Deployed on Heroku: https://umap-aadr.herokuapp.com/main_umap
Can also run the app locally with bokeh serve:
bokeh serve --show population_genetics_AADR/02.output/main_umap.py
This repository provides scripts and results from an analysis of a starting set of 16,765 ancient and modern humans found at AARD.
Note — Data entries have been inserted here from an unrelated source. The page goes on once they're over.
(* Consider a preferential (dynamic) attachment circuit of index $m\ge1$ (model described in the context). For $n\ge1$ let $W_{n-1}$, $B_{n-1}$ be the numbers of white and blue external nodes after $n-1$ insertions, and let $\mathcal{W}_{n-1,m}$, $\mathcal{B}_{n-1,m}$ be the numbers of white and blue external nodes after all $m$ parents of node $n$ have been chosen (not counting the external node of node $n$ itself). Then, for every $n$ with $(m+1)n\ge 5$, $$\mathbb{E}[\mathcal{W}^2_{n-1,m}\mid \mathbb{F}_{n-1,0}]=\frac{(m+1)(n-1)\bigl((mn-m+n-2)W_{n-1}+m\bigr)W_{n-1}}{(mn+n-2)(mn+n-1)},$$ $$\mathbb{E}[\mathcal{B}^2_{n-1,m}\mid \mathbb{F}_{n-1,0}]=\frac{(m+1)(n-1)\bigl(\mathcal{C}_1W_{n-1}^2+\mathcal{C}_2W_{n-1}B_{n-1}+\mathcal{C}_3B_{n-1}^2+\mathcal{C}_4W_{n-1}+\mathcal{C}_5B_{n-1}\bigr)}{(mn+n-4)(mn+n-3)(mn+n-2)(mn+n-1)},$$ where $\mathcal{C}_1=4m(m-1)(mn-m+n-2)$, $\mathcal{C}_2=4m(mn-m+n-3)(mn-m+n-2)$, $\mathcal{C}_3=(mn-m+n-4)(mn-m+n-3)(mn-m+n-2)$, $\mathcal{C}_4=4m(m^2n^2-m^2n+2mn^2+m^2-7mn+n^2+m-6n+10)$, $\mathcal{C}_5=2m(mn-m+n-2)(2mn-m+2n-7)$.
   Context: Preferential (dynamic) attachment circuit of index $m\ge1$: at time $0$ there is a single node labeled $0$. At each time $n\ge1$ a new node labeled $n$ is added and $m$ parents are chosen for it one at a time, with replacement, among nodes $0,\dots,n-1$. Before the $(i+1)$-th choice ($i=0,\dots,m-1$), each existing node $v$ is chosen with probability $\frac{d_i(v)+1}{\sum_{x}(d_i(x)+1)}$, where $d_i(x)$ is the outdegree of $x$ in the current multigraph including the edges created by the first $i$ choices for node $n$; after each choice an edge from the chosen parent to node $n$ is immediately added (multi-edges allowed, counted with multiplicity). External nodes: a node of outdegree $s$ carries $s+1$ external nodes; they are colored white if the node has outdegree $0$, blue if it has outdegree $1$, red if it has outdegree $\ge2$. During the insertion of node $n$, after $s$ of the $m$ parent choices ($0\le s\le m$), $\mathcal{W}_{n-1,s}$ and $\mathcal{B}_{n-1,s}$ denote the numbers of white and blue external nodes carried by nodes $0,\dots,n-1$; thus $\mathcal{W}_{n-1,0}=W_{n-1}$, $\mathcal{B}_{n-1,0}=B_{n-1}$, and after the sample, node $n$ adds one white external node. $\mathbb{F}_{n-1,0}$ is the $\sigma$-field generated by the evolution of the circuit up to the completion of the insertion of node $n-1$. *)

From mathcomp Require Import all_boot all_order all_algebra.
Set Implicit Arguments. Unset Strict Implicit. Unset Printing Implicit Defensive.
Import Order.TTheory GRing.Theory Num.Theory.
Local Open Scope ring_scope.
Lemma sum_collision_energy_le (R : realFieldType) n (f : 'rV['F_2]_n -> R) d :
  (d <= n)%N ->
  (2 ^ d)%:R * \sum_(A in codim_subspaces n d) collision_energy f A
    <= #|codim_subspaces n d|%:R * norm2sq f ^+ 2.
Proof.
move=> dn; rewrite -parseval expr2 mulr_suml mulr_sumr exchange_big /= mulr_sumr.
apply: ler_sum => b _; rewrite exchange_big /= mulr_sumr.
rewrite [in X in _ <= X]mulr_sumr [in X in _ <= X]mulr_sumr.
apply: ler_sum => b' _; rewrite -big_mkcondr /=.
have ee0 : 0 <= fourier f b ^+ 2 * fourier f b' ^+ 2 by rewrite mulr_ge0 ?sqr_ge0.
have [->|b'b] := eqVneq b' b.
  rewrite big_pred0 => [|A]; last by rewrite /= andbF.
  by rewrite mulr0 mulr_ge0 // mulr_ge0 ?sqr_ge0.
rewrite (eq_bigl (mem (subspaces_containing d (b' - b)))) => [|A]; last by rewrite !inE.
set E := _ * _ in ee0 *.
rewrite sumr_const -(mulr_natr E) mulrCA [X in _ <= X]mulrC ler_wpM2l // -natrM.
by rewrite ler_nat mulnC card_subspaces_containing_le // subr_eq0.
Qed.

Lemma markov_count (R : realFieldType) (T : finType) (S : {set T}) (g : T -> R) c m :
  0 <= c -> 0 <= m -> {in S, forall x, 0 <= g x} ->
  \sum_(x in S) g x <= c * m -> #|[set x in S | c < g x]|%:R <= m.
Proof.
move=> c0 m0 g0 sum_le; set B := [set x in S | c < g x].
have [->|/set0Pn[x0 x0B]] := eqVneq B set0; first by rewrite cards0.
have : c * #|B|%:R < c * m.
  apply: lt_le_trans sum_le; rewrite [X in _ < X](bigID (fun x => c < g x)) /=.
  rewrite -[X in X < _]addr0 ltr_leD ?sumr_ge0 // => [|x /andP[/g0]//].
  rewrite mulrC mulr_natl -sumr_const (eq_bigl (mem B)) => [|x]; last by rewrite !inE.
  apply: ltr_sum => [|x]; last by rewrite inE => /andP[].
  by apply/hasP; exists x0; rewrite ?mem_index_enum.
nra.
Qed.

Lemma prob_compl_le {R : realFieldType} (T : finType) (S : {set T}) (P Q : pred T) :
  (0 < #|S|)%N -> {in S, forall x, ~~ P x -> Q x} -> 1 - prob S Q <= prob S P :> R.
Proof.
move=> S0 PQ; rewrite /prob lerBlDr -mulrDl ler_pdivlMr ?ltr0n // mul1r -natrD ler_nat.
rewrite -[X in (X <= _)%N](cardsID [set x | P x] S) leq_add //.
  by apply: subset_leq_card; apply/subsetP => x; rewrite !inE andbC.
apply: subset_leq_card; apply/subsetP => x; rewrite !inE => /andP[nPx xS].
by rewrite xS PQ.
Qed.

Lemma card_large_collision_energy (R : realFieldType) n (f : 'rV['F_2]_n -> R)
    s d (eps : R) :
  0 < eps -> (2 ^ d)%:R = 2 * s%:R / eps ^+ 4 -> (d <= n)%N ->
  #|[set A in codim_subspaces n d |
      (5 * eps ^+ 2 * norm2sq f) ^+ 2 < s%:R * collision_energy f A]|%:R
    <= #|codim_subspaces n d|%:R / 50 :> R.
Proof.
move=> eps0 two_d dn; apply: markov_count; [exact: sqr_ge0 | by rewrite divr_ge0 | | ].
  by move=> A _; rewrite mulr_ge0 ?collision_energy_ge0.
have -> : s%:R = eps ^+ 4 / 2 * (2 ^ d)%:R by rewrite two_d; field; rewrite gt_eqF.
rewrite -mulr_sumr -mulrA [X in _ <= X](_ : _ = eps ^+ 4 / 2 *
    (#|codim_subspaces n d|%:R * norm2sq f ^+ 2)); last by field.
by apply: ler_wpM2l; [rewrite divr_ge0 ?exprn_ge0 ?ltW | exact: sum_collision_energy_le].
Qed.

Unset Implicit Arguments.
Tools used to analyze the data:
Library used to generate the interactive visualization:
Genotype data was retrieved from the Allen Ancient DNA Resource (AADR). This data can be downloaded but is not included here due to size (2.4GB), but are not needed as downstream results are present. https://reich.hms.harvard.edu/allen-ancient-dna-resource-aadr-downloadable-genotypes-present-day-and-ancient-dna-data
The ADMIXTOOLS 2 R library was used to convert the binary PACKEDANCESTRYMAP format to "bfile" format suitable for PCA analysis in PLINK2. These files are not included here due to size, but are not needed as downstream results are present.
library("admixtools")
future::plan('multicore')
data_dn <- "00.raw_data/v52.2_HO_public/"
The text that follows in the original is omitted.